## WORK TASK
Once you have read the data below, set it all down again exactly.

[LISTED ENTRIES — start]

Lemma represents_monomial (c : F) i : represents (c *: x ^+ i) (c%:P *: 'X^i).
Proof.
apply: representsZ; have := represents_horner 'X^i.
by rewrite rmorphXn /= horner_algX map_polyXn.
Qed.

Fixpoint ypow_coef j : {poly F} :=
  if j is j'.+1 then shiftp N.-1 (ypow_coef j') * 'X else 1.

Lemma size_ypow_coef j : size (ypow_coef j) = j.+1.
Proof.
elim: j => [|j IH] /=; first by rewrite size_poly1.
by rewrite size_mulX ?size_shiftp ?IH // shiftp_eq0 -size_poly_eq0 IH.
Qed.

Lemma lead_coef_ypow_coef j : lead_coef (ypow_coef j) = 1.
Proof.
elim: j => [|j IH] /=; first by rewrite lead_coef1.
by rewrite lead_coefMX lead_coef_shiftp.
Qed.

Lemma represents_ypow j : represents (y ^+ j) (ypow_coef j *: 'X^(j * N.-1)).
Proof.
elim: j => [|j IH]; first by rewrite expr0 /= mul0n scale1r expr0; apply: represents1.
rewrite exprSr; have -> : ypow_coef j.+1 *: 'X^(j.+1 * N.-1) =
    skew_mul (ypow_coef j *: 'X^(j * N.-1)) skew_y :> skewpoly.
  by rewrite /skew_y skew_mul_monomial mulSn addnC.
exact: representsM IH represents_y.
Qed.

Definition skew_pbw (C : skewpoly) : skewpoly :=
  \sum_(j < size C) map_poly polyC C`_j * (ypow_coef j *: 'X^(j * N.-1)).

Lemma represents_pbw C : represents (pbw x y C) (skew_pbw C).
Proof.
rewrite /pbw /skew_pbw; elim/big_rec2: _ => [|j a U _ aU]; first exact: represents0.
apply: representsD aU; rewrite -skew_mul_const.
exact: representsM (represents_horner _) (represents_ypow _).
Qed.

[LISTED ENTRIES — finish]

## SOLUTION TO THE EXERCISE
Lemma represents_monomial (c : F) i : represents (c *: x ^+ i) (c%:P *: 'X^i).
Proof.
apply: representsZ; have := represents_horner 'X^i.
by rewrite rmorphXn /= horner_algX map_polyXn.
Qed.

Fixpoint ypow_coef j : {poly F} :=
  if j is j'.+1 then shiftp N.-1 (ypow_coef j') * 'X else 1.

Lemma size_ypow_coef j : size (ypow_coef j) = j.+1.
Proof.
elim: j => [|j IH] /=; first by rewrite size_poly1.
by rewrite size_mulX ?size_shiftp ?IH // shiftp_eq0 -size_poly_eq0 IH.
Qed.

Lemma lead_coef_ypow_coef j : lead_coef (ypow_coef j) = 1.
Proof.
elim: j => [|j IH] /=; first by rewrite lead_coef1.
by rewrite lead_coefMX lead_coef_shiftp.
Qed.

Lemma represents_ypow j : represents (y ^+ j) (ypow_coef j *: 'X^(j * N.-1)).
Proof.
elim: j => [|j IH]; first by rewrite expr0 /= mul0n scale1r expr0; apply: represents1.
rewrite exprSr; have -> : ypow_coef j.+1 *: 'X^(j.+1 * N.-1) =
    skew_mul (ypow_coef j *: 'X^(j * N.-1)) skew_y :> skewpoly.
  by rewrite /skew_y skew_mul_monomial mulSn addnC.
exact: representsM IH represents_y.
Qed.

Definition skew_pbw (C : skewpoly) : skewpoly :=
  \sum_(j < size C) map_poly polyC C`_j * (ypow_coef j *: 'X^(j * N.-1)).

Lemma represents_pbw C : represents (pbw x y C) (skew_pbw C).
Proof.
rewrite /pbw /skew_pbw; elim/big_rec2: _ => [|j a U _ aU]; first exact: represents0.
apply: representsD aU; rewrite -skew_mul_const.
exact: representsM (represents_horner _) (represents_ypow _).
Qed.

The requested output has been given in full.